Inputs are supplied as a .csv file. At a minimum, each row needs to have a lat and a `lon`` column. Other rows are reflected to the output.

id,name,lat,lon
1,Bonnibelle Mathwen,40.1324085,64.4911086
...

Output

If at least one cluster was found, the tool outputs a folder with output as json, geojson, txt, csv files. A kepler.gl html file is generated as well.

JSON

Encodes an array of clusters, each containing an array of points.

[
  {
    "cluster_id": 0,
    "points": [
      {
        "id": 9,
        "name": "Rosanna Foggo",
        "lat": -6.2074293,
        "lon": 106.8915948
      }
    ]
  }
]

GeoJSON

Encodes a single FeatureCollection, containing all points as Feature objects.

{
  "type": "FeatureCollection",
  "features": [
    {
      "type": "Feature",
      "geometry": {
        "type": "Point",
        "coordinates": [
          106.891595,
          -6.207429
        ]
      },
      "properties": {
        "id": 9,
        "name": "Rosanna Foggo",
        "cluster_id": 0
      }
    }
  ]
}

Text

Encodes cluster as blocks separated by a newline, where each line in a cluster block contains one point.

Cluster 0
id 9, name Rosanna Foggo, lat -6.2074293, lon 106.8915948

// ...

CSV

Encodes each event in one line with cluster_id information associated.

cluster_id,name,lat,lon
9,Rosanna Foggo,-6.2074293,106.8915948
...

kepler.gl

kepler.gl instance

Develop

It is assumed that you are using Python3.9+. It is encouraged to setup a virtualenv for development.

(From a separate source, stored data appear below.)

(* The origin starts on the side [a x + b y < c] when [0 < c]. A site of the
   initially empty strip [c <= a x + b y <= c + 1] can only become active with two
   active nearest neighbours, but at most one of them lies strictly on the side
   [a x + b y < c]; so the active set never enters the strip. *)
Lemma double_gap_blocks (a b c : Z) (U : site -> Prop) (T : nat) :
  unit_dir a b ->
  (forall z, active sigma T z -> U z) ->
  (forall z, U z -> c <= a * fst z + b * snd z <= c + 1 -> sigma z = Emp) ->
  forall z, active sigma T z -> c <= a * fst z + b * snd z -> c <= 0.
Proof.
  intros Hab HU Hgap.
  enough (Hbelow : 0 < c -> forall t z, (t <= T)%nat -> active sigma t z ->
                     a * fst z + b * snd z < c).
  { intros z Hz Hcz. apply Z.nlt_ge. intro Hc.
    specialize (Hbelow Hc T z (le_n T) Hz). lia. }
  intros Hc t. induction t as [|t IH]; intros z Ht Hz.
  { rewrite (active0_origin _ Hz). cbn. lia. }
  assert (IH' : forall z', active sigma t z' -> a * fst z' + b * snd z' < c)
    by (intros; apply IH; [lia|assumption]).
  destruct (classic (active sigma t z)) as [Hzt|Hzt]; [auto|].
  apply Z.nle_gt. intro Hcz.
  destruct (active_succ_near _ _ Hz) as [d [Hd Hzd]].
  apply IH' in Hzd.
  assert (HE : sigma z = Emp).
  { apply Hgap; [apply HU, (active_mono (S t)); auto|].
    destruct z, d. unfold l1, addS in *; cbn in *.
    destruct Hab as [[-> ->]|[[-> ->]|[[-> ->]|[-> ->]]]]; lia. }
  destruct (step_Emp_to_Act _ _ (Emp_until_active _ _ HE Hzt) Hz)
    as [d1 [d2 [H1 [H2 [Hne [A1 A2]]]]]].
  apply IH' in A1, A2. apply in_ball_l1 in H1, H2.
  apply Hne. destruct z, d1, d2. unfold l1, addS in *; cbn in *.
  destruct Hab as [[-> ->]|[[-> ->]|[[-> ->]|[-> ->]]]]; f_equal; lia.
Qed.

Lemma double_gap_straddles_origin (a b k : Z) (U : site -> Prop) (T : nat) :
  unit_dir a b ->
  (forall z, active sigma T z -> U z) ->
  (forall z, U z -> k <= a * fst z + b * snd z <= k + 1 -> sigma z = Emp) ->
  (exists z, active sigma T z /\ k <= a * fst z + b * snd z) ->
  (exists z, active sigma T z /\ a * fst z + b * snd z <= k + 1) ->
  k = 0 \/ k + 1 = 0.
Proof.
  intros Hab HU Hgap [z1 [A1 H1]] [z2 [A2 H2]].
  assert (k <= 0) by exact (double_gap_blocks a b k U T Hab HU Hgap z1 A1 H1).
  assert (- (k + 1) <= 0).
  { apply (double_gap_blocks (- a) (- b) (- (k + 1)) U T) with z2; auto; [| |lia].
    - unfold unit_dir in *. lia.
    - intros z Hz Hk. apply Hgap; [exact Hz|lia]. }
  lia.
Qed.

End Dynamics.

Lemma origin_active sigma :
  admissible_init sigma -> indefinite_growth sigma -> sigma (0, 0) = Act.
Proof.
  intros adm ig. destruct (ig (0, 0)) as [t Ht].
  destruct (active_some_initially _ _ _ Ht) as [z0 Hz0].
  rewrite <- (active0_origin _ adm _ Hz0). exact Hz0.
Qed.

Section BoundingBox.

Variable sigma : config.
Hypothesis adm : admissible_init sigma.
Hypothesis origin_Act : sigma (0, 0) = Act.

Lemma active_origin t : active sigma t (0, 0).
Proof. apply (active_mono _ 0); [lia|exact origin_Act]. Qed.

Lemma exists_active_argmax t (f : site -> Z) :
  (forall z, f z <= l1 z) ->
  exists z, active sigma t z /\ forall z', active sigma t z' -> f z' <= f z.
Proof.
  intro Hf.
  destruct (greatest_Z (fun k => exists z, active sigma t z /\ f z = k) (2 * Z.of_nat t))
    as [m [[z [Hz <-]] Hmax]].
  - exists (f (0, 0)), (0, 0). split; [apply active_origin|reflexivity].
  - intros k [z [Hz <-]]. specialize (Hf z). specialize (active_l1_le _ adm _ _ Hz). lia.
  - exists z. split; [exact Hz|]. eauto.
Qed.

Definition is_bbox (t : nat) (Q : rect) : Prop :=
  (forall z, active sigma t z -> in_rect Q z) /\
  (exists z, active sigma t z /\ fst z = rx1 Q) /\
  (exists z, active sigma t z /\ fst z = rx2 Q) /\
  (exists z, active sigma t z /\ snd z = ry1 Q) /\
  (exists z, active sigma t z /\ snd z = ry2 Q).

Lemma is_bbox_exists t : exists Q, is_bbox t Q.
Proof.
  destruct (exists_active_argmax t (fun z => - fst z)) as [z1 [A1 H1]]; [unfold l1; lia|].
  destruct (exists_active_argmax t fst) as [z2 [A2 H2]]; [unfold l1; lia|].
  destruct (exists_active_argmax t (fun z => - snd z)) as [z3 [A3 H3]]; [unfold l1; lia|].
  destruct (exists_active_argmax t snd) as [z4 [A4 H4]]; [unfold l1; lia|].
  exists (Rect (fst z1) (fst z2) (snd z3) (snd z4)).
  split; [|repeat split; eauto].
  intros z Hz. specialize (H1 z Hz). specialize (H2 z Hz).
  specialize (H3 z Hz). specialize (H4 z Hz).
  unfold in_rect; cbn. lia.
Qed.

Definition bbox (t : nat) : rect := epsilon (inhabits (Rect 0 0 0 0)) (is_bbox t).

Lemma bbox_spec t : is_bbox t (bbox t).
Proof. unfold bbox. apply epsilon_spec, is_bbox_exists. Qed.

Lemma bbox_origin t : in_rect (bbox t) (0, 0).
Proof. apply bbox_spec, active_origin. Qed.

Lemma bbox_init : width (bbox 0) = 1 /\ height (bbox 0) = 1.
Proof.
  destruct (bbox_spec 0) as [_ [[z1 [A1 E1]] [[z2 [A2 E2]] [[z3 [A3 E3]] [z4 [A4 E4]]]]]].
  apply active0_origin in A1, A2, A3, A4; auto. subst.
  unfold width, height. cbn in *. lia.
Qed.

Lemma bbox_mono t t' : (t <= t')%nat -> rect_sub (bbox t) (bbox t').
Proof.
  intros Ht z Hz.
  destruct (bbox_spec t) as [_ [[z1 [A1 E1]] [[z2 [A2 E2]] [[z3 [A3 E3]] [z4 [A4 E4]]]]]].
  destruct (bbox_spec t') as [Hin _].
  apply (active_mono _ _ t') in A1, A2, A3, A4; auto.
  apply Hin in A1, A2, A3, A4. unfold in_rect in *. lia.
Qed.

Lemma bbox_step t :
  width (bbox (S t)) <= width (bbox t) + 4 /\ height (bbox (S t)) <= height (bbox t) + 4.
Proof.
  destruct (bbox_spec t) as [Hin _].
  assert (Hnear : forall z, active sigma (S t) z ->
            rx1 (bbox t) - 2 <= fst z <= rx2 (bbox t) + 2 /\
            ry1 (bbox t) - 2 <= snd z <= ry2 (bbox t) + 2).
  { intros z Hz. destruct (active_succ_near _ _ _ Hz) as [d [Hd Hzd]].
    apply Hin in Hzd. destruct z, d. unfold in_rect, l1, addS in *; cbn in *. lia. }
  destruct (bbox_spec (S t)) as [_ [[z1 [A1 E1]] [[z2 [A2 E2]] [[z3 [A3 E3]] [z4 [A4 E4]]]]]].
  apply Hnear in A1, A2, A3, A4. unfold width, height. lia.
Qed.

Lemma bbox_unbounded :
  indefinite_growth sigma ->
  forall N, exists t, N <= width (bbox t) /\ N <= height (bbox t).
Proof.
  intros ig N. destruct (ig (Z.abs N, Z.abs N)) as [t Ht]. exists t.
  pose proof (bbox_origin t) as H0. destruct (bbox_spec t) as [Hin _].
  apply Hin in Ht. unfold in_rect, width, height in *; cbn in *. lia.
Qed.

Lemma bbox_no_double_gap t : Gev sigma (bbox t).
Proof.
  pose proof (bbox_origin t) as H0. unfold in_rect in H0; cbn in H0.
  destruct (bbox_spec t) as [Hin [[z1 [A1 E1]] [[z2 [A2 E2]] [[z3 [A3 E3]] [z4 [A4 E4]]]]]].
  split.
  - intros [x [Hlo [Hhi Hg]]].
    assert (Hx : x = 0 \/ x + 1 = 0).
    { apply (double_gap_straddles_origin sigma adm 1 0 x
               (fun z => ry1 (bbox t) <= snd z <= ry2 (bbox t)) t).
      - now left.
      - intros z Hz. apply Hin, Hz.
      - intros [u v] Hv Hu. cbn [fst snd] in *. destruct (Hg v Hv).
        now destruct (Z.eq_dec u x) as [->|]; [|replace u with (x + 1) by lia].
      - exists z2. split; [assumption|lia].
      - exists z1. split; [assumption|lia]. }
    destruct (Hg 0) as [G0 G1]; [lia|].
    destruct Hx as [Hx|Hx]; [rewrite Hx in G0|rewrite Hx in G1]; congruence.
  - intros [y [Hlo [Hhi Hg]]].
    assert (Hy : y = 0 \/ y + 1 = 0).
    { apply (double_gap_straddles_origin sigma adm 0 1 y
               (fun z => rx1 (bbox t) <= fst z <= rx2 (bbox t)) t).
      - now right; right; left.
      - intros z Hz. apply Hin, Hz.
      - intros [u v] Hu Hv. cbn [fst snd] in *. destruct (Hg u Hu).
        now destruct (Z.eq_dec v y) as [->|]; [|replace v with (y + 1) by lia].
      - exists z4. split; [assumption|lia].
      - exists z3. split; [assumption|lia]. }
    destruct (Hg 0) as [G0 G1]; [lia|].
    destruct Hy as [Hy|Hy]; [rewrite Hy in G0|rewrite Hy in G1]; congruence.
Qed.

End BoundingBox.

Section Scales.

Local Open Scope R_scope.

Variable p : R.
Hypothesis Hp : 0 < p < 1 / 10.

(* [q < 1/9] since [exp (1/9) > 1 + 1/9 > 1 / (1 - p)]. *)
Lemma qpar_bounds : 0 < qpar p < 1 / 9.
Proof.
  unfold qpar. split.
  - assert (ln (1 - p) < ln 1) by (apply ln_increasing; lra). rewrite ln_1 in *. lra.
  - assert (Hexp : 1 + 1 / 9 < exp (1 / 9)) by (apply exp_ineq1; lra).
    assert (Hlow : exp (- (1 / 9)) < 1 - p).
    { rewrite exp_Ropp. apply Rlt_le_trans with (/ (1 + 1 / 9)); [|lra].
      apply Rinv_lt_contravar; [apply Rmult_lt_0_compat|]; lra. }
    apply ln_increasing in Hlow; [|apply exp_pos]. rewrite ln_exp in Hlow. lra.
Qed.

Lemma sqrt_qpar_bounds : 0 < sqrt (qpar p) < 1.
Proof.
  destruct qpar_bounds. split; [apply sqrt_lt_R0; lra|].
  rewrite <- sqrt_1. apply sqrt_lt_1; lra.
Qed.

(* With [s = 1 / sqrt q > 3]: [A < s + 1] and [B > s^2 ln (s^2) - 1 > 2 s^2 - 1]. *)
Lemma Apar_Bpar_bounds : (2 <= Apar p)%Z /\ (12 <= Bpar p - Apar p)%Z.
Proof.
  destruct qpar_bounds as [Hq0 Hq1]. destruct sqrt_qpar_bounds as [Hr0 _].
  unfold Apar, Bpar. set (s := / sqrt (qpar p)).
  assert (Hu : / qpar p = s * s).
  { unfold s. rewrite <- Rinv_mult, sqrt_sqrt; lra. }
  assert (Hs : 3 < s).
  { assert (9 < s * s).
    { rewrite <- Hu. replace 9 with (/ (1 / 9)) by field.
      apply Rinv_lt_contravar; nra. }
    assert (0 < s) by (apply Rinv_0_lt_compat; lra). nra. }
  assert (Hln : 2 < ln (/ qpar p)).
  { assert (exp 2 <= 9).
    { replace 2 with (1 + 1) by lra. rewrite exp_plus.
      pose proof exp_le_3. pose proof (exp_pos 1). nra. }
    rewrite <- (ln_exp 2). apply ln_increasing; [apply exp_pos|nra]. }
  assert (2 * (s * s) <= / qpar p * ln (/ qpar p)).
  { rewrite Hu in *. rewrite (Rmult_comm 2). apply Rmult_le_compat_l; nra. }
  (* [Defs.Zceil] and [Defs.Zfloor] are Stdlib's [Zceil] and [Zfloor]. *)
  change Defs.Zceil with Zceil; change Defs.Zfloor with Zfloor.
  destruct (Zceil_bound s). destruct (Zfloor_bound (/ qpar p * ln (/ qpar p))).
  split.
  - apply le_IZR. lra.
  - cut (11 < Zfloor (/ qpar p * ln (/ qpar p))%R - Zceil s)%Z; [lia|].
    assert (0 < (s - 3) * (2 * s + 5)) by (apply Rmult_lt_0_compat; lra).
    apply lt_IZR. rewrite minus_IZR. lra.
Qed.

End Scales.

Definition grows_enough (p : R) (R0 R1 : rect) : Prop :=
  (IZR (width R1 - width R0) >= IZR (width R0) * sqrt (qpar p))%R \/
  (IZR (height R1 - height R0) >= IZR (height R0) * sqrt (qpar p))%R.

Definition grows_boundedly (p : R) (R0 R1 : rect) : Prop :=
  (IZR (width R1 - width R0) < IZR (width R0) * sqrt (qpar p) + 4)%R /\
  (IZR (height R1 - height R0) < IZR (height R0) * sqrt (qpar p) + 4)%R.

Definition growth_chain (p : R) (n : nat) (Rs : nat -> rect) : Prop :=
  (forall i, (1 <= i <= n)%nat ->
     rect_sub (Rs i) (Rs (S i)) /\
     grows_enough p (Rs i) (Rs (S i)) /\ grows_boundedly p (Rs i) (Rs (S i))) /\
  width (Rs n) + height (Rs n) <= Bpar p /\
  Bpar p < width (Rs (S n)) + height (Rs (S n)).

Definition E_shape (p : R) (Q : rect) : Prop :=
  (Bpar p - Apar p - 10 <= width Q <= Bpar p - Apar p /\ 1 <= height Q <= Apar p) \/
  (Bpar p - Apar p - 10 <= height Q <= Bpar p - Apar p /\ 1 <= width Q <= Apar p).

Lemma grows_enough_lt p R0 R1 :
  (0 < sqrt (qpar p))%R -> 1 <= width R0 -> 1 <= height R0 ->
  grows_enough p R0 R1 -> width R0 < width R1 \/ height R0 < height R1.
Proof.
  intros Hsq Hw Hh [Hg|Hg]; [left|right]; apply Z.sub_pos, lt_IZR;
    apply Rlt_le_trans with (2 := Rge_le _ _ Hg); apply Rmult_lt_0_compat; auto;
    apply IZR_lt; lia.
Qed.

    # install dependencies & dev-dependencies
    # PIP
    pip install -e .[dev,full]
    # PIPENV
    pipenv install --dev -e .

    # install a git hook that runs the code formatter before each commit.
    pre-commit install

We use Black as our code formatter. If you don't want to use the pre-commit hook, you can run the formatter manually or via an editor plugin.